Problem: Repeat the first line of the listing and each line after it, exactly, through the line containing "by move=> l /fals [-> _].".

The records:
- - -

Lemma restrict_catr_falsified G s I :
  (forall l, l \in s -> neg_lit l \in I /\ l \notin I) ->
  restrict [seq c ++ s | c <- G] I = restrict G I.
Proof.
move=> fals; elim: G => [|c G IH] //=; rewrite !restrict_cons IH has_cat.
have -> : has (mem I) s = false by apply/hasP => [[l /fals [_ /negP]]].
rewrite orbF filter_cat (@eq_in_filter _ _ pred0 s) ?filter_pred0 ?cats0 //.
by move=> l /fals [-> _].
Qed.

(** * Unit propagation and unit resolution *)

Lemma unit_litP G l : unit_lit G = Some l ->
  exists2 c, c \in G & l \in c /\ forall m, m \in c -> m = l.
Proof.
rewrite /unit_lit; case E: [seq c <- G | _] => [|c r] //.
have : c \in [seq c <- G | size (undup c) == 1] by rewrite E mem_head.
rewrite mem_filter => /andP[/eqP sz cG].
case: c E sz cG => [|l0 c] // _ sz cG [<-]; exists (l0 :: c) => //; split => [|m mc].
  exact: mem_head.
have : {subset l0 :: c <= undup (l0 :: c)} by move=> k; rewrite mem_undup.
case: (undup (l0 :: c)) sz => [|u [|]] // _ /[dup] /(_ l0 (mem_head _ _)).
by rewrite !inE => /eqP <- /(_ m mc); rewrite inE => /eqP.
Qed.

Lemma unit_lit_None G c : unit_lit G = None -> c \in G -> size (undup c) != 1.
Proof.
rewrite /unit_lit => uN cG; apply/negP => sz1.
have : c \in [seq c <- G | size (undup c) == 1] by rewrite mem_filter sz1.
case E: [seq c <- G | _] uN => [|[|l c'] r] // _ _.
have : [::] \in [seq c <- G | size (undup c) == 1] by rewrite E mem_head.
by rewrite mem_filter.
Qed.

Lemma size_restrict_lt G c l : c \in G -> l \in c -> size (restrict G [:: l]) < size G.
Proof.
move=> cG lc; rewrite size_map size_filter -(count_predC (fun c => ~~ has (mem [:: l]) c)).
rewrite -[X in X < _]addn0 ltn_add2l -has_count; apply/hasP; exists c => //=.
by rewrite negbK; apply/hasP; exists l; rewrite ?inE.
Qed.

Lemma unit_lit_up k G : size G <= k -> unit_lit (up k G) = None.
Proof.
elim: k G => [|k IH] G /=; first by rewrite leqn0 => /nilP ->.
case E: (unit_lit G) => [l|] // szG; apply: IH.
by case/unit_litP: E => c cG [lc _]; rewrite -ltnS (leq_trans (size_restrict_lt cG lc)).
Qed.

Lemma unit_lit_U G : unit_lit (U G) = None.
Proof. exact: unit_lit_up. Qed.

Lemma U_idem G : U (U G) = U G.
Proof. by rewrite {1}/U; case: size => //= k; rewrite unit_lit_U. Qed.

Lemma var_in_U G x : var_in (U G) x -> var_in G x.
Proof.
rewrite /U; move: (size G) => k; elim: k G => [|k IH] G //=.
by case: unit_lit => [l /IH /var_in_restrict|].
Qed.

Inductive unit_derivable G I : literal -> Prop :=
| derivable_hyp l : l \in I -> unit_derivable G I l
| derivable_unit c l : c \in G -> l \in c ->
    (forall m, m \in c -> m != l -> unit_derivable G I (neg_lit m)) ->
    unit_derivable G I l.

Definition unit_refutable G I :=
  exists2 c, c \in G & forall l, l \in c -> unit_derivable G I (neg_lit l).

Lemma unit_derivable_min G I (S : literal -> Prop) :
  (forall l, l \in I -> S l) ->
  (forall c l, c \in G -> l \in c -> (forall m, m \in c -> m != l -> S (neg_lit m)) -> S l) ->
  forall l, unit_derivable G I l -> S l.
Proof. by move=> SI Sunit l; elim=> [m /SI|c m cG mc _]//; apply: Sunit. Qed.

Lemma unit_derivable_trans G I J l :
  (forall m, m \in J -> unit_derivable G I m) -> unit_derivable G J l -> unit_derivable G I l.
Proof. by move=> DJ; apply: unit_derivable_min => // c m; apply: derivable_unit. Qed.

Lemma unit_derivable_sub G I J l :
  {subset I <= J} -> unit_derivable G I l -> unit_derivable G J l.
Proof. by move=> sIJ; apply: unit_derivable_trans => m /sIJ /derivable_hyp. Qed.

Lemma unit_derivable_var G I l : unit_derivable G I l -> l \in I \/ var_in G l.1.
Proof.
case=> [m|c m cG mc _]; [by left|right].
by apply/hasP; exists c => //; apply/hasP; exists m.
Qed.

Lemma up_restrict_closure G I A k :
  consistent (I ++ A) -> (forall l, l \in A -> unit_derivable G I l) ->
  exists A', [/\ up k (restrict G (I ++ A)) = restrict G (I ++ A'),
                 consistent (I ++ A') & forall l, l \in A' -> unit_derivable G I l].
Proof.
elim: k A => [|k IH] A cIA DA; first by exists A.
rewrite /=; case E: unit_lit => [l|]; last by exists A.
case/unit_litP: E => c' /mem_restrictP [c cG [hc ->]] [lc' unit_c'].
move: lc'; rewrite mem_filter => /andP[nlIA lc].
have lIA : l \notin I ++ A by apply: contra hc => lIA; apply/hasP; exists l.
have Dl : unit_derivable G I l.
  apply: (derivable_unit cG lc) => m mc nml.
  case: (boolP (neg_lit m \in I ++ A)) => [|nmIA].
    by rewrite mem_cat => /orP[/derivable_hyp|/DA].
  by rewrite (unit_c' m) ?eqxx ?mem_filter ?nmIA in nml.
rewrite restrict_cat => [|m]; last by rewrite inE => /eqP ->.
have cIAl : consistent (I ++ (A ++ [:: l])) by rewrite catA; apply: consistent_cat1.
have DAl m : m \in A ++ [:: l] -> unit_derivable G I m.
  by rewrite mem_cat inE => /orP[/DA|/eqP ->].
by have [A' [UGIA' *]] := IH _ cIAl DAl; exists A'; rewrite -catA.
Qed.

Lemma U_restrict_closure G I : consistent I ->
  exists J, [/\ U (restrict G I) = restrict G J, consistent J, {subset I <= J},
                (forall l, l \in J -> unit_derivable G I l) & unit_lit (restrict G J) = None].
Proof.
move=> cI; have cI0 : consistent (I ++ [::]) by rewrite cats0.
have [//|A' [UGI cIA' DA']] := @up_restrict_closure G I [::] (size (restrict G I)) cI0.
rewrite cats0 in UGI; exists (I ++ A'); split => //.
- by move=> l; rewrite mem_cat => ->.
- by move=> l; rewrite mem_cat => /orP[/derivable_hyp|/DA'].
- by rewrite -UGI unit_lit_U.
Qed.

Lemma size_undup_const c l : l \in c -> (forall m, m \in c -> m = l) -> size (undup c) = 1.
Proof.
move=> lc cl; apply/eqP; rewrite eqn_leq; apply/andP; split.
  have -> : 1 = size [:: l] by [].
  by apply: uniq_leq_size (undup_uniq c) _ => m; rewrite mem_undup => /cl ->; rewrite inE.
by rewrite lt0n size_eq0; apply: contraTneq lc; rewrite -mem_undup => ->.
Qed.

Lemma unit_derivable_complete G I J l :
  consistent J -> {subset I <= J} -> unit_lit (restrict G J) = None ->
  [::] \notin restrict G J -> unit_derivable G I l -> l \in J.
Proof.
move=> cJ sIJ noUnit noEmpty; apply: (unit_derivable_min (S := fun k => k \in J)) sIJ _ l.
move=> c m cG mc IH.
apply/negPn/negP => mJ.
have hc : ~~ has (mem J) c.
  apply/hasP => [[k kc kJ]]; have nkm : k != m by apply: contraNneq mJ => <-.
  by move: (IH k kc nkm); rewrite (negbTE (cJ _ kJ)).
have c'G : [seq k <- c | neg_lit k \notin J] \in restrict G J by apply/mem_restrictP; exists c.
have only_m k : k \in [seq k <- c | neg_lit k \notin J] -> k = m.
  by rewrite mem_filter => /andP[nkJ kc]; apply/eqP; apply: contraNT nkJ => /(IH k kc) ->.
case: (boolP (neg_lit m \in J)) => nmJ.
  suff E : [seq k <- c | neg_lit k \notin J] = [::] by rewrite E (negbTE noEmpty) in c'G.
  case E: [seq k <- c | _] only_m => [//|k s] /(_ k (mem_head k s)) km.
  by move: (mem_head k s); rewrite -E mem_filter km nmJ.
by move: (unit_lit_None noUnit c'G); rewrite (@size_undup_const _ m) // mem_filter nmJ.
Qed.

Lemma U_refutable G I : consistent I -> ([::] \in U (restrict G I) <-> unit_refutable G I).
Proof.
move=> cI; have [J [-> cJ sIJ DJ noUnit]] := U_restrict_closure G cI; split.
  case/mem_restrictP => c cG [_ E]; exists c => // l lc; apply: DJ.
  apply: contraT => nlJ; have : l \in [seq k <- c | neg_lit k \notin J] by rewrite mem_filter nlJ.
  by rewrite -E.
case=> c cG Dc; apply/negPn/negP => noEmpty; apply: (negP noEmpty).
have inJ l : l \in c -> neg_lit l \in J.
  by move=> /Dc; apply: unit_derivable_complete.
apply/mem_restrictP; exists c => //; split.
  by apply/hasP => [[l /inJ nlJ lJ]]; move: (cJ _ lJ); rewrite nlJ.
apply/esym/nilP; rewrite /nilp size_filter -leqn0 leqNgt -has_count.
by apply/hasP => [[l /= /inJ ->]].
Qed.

- - -

Exercise answer:
Lemma restrict_catr_falsified G s I :
  (forall l, l \in s -> neg_lit l \in I /\ l \notin I) ->
  restrict [seq c ++ s | c <- G] I = restrict G I.
Proof.
move=> fals; elim: G => [|c G IH] //=; rewrite !restrict_cons IH has_cat.
have -> : has (mem I) s = false by apply/hasP => [[l /fals [_ /negP]]].
rewrite orbF filter_cat (@eq_in_filter _ _ pred0 s) ?filter_pred0 ?cats0 //.
by move=> l /fals [-> _].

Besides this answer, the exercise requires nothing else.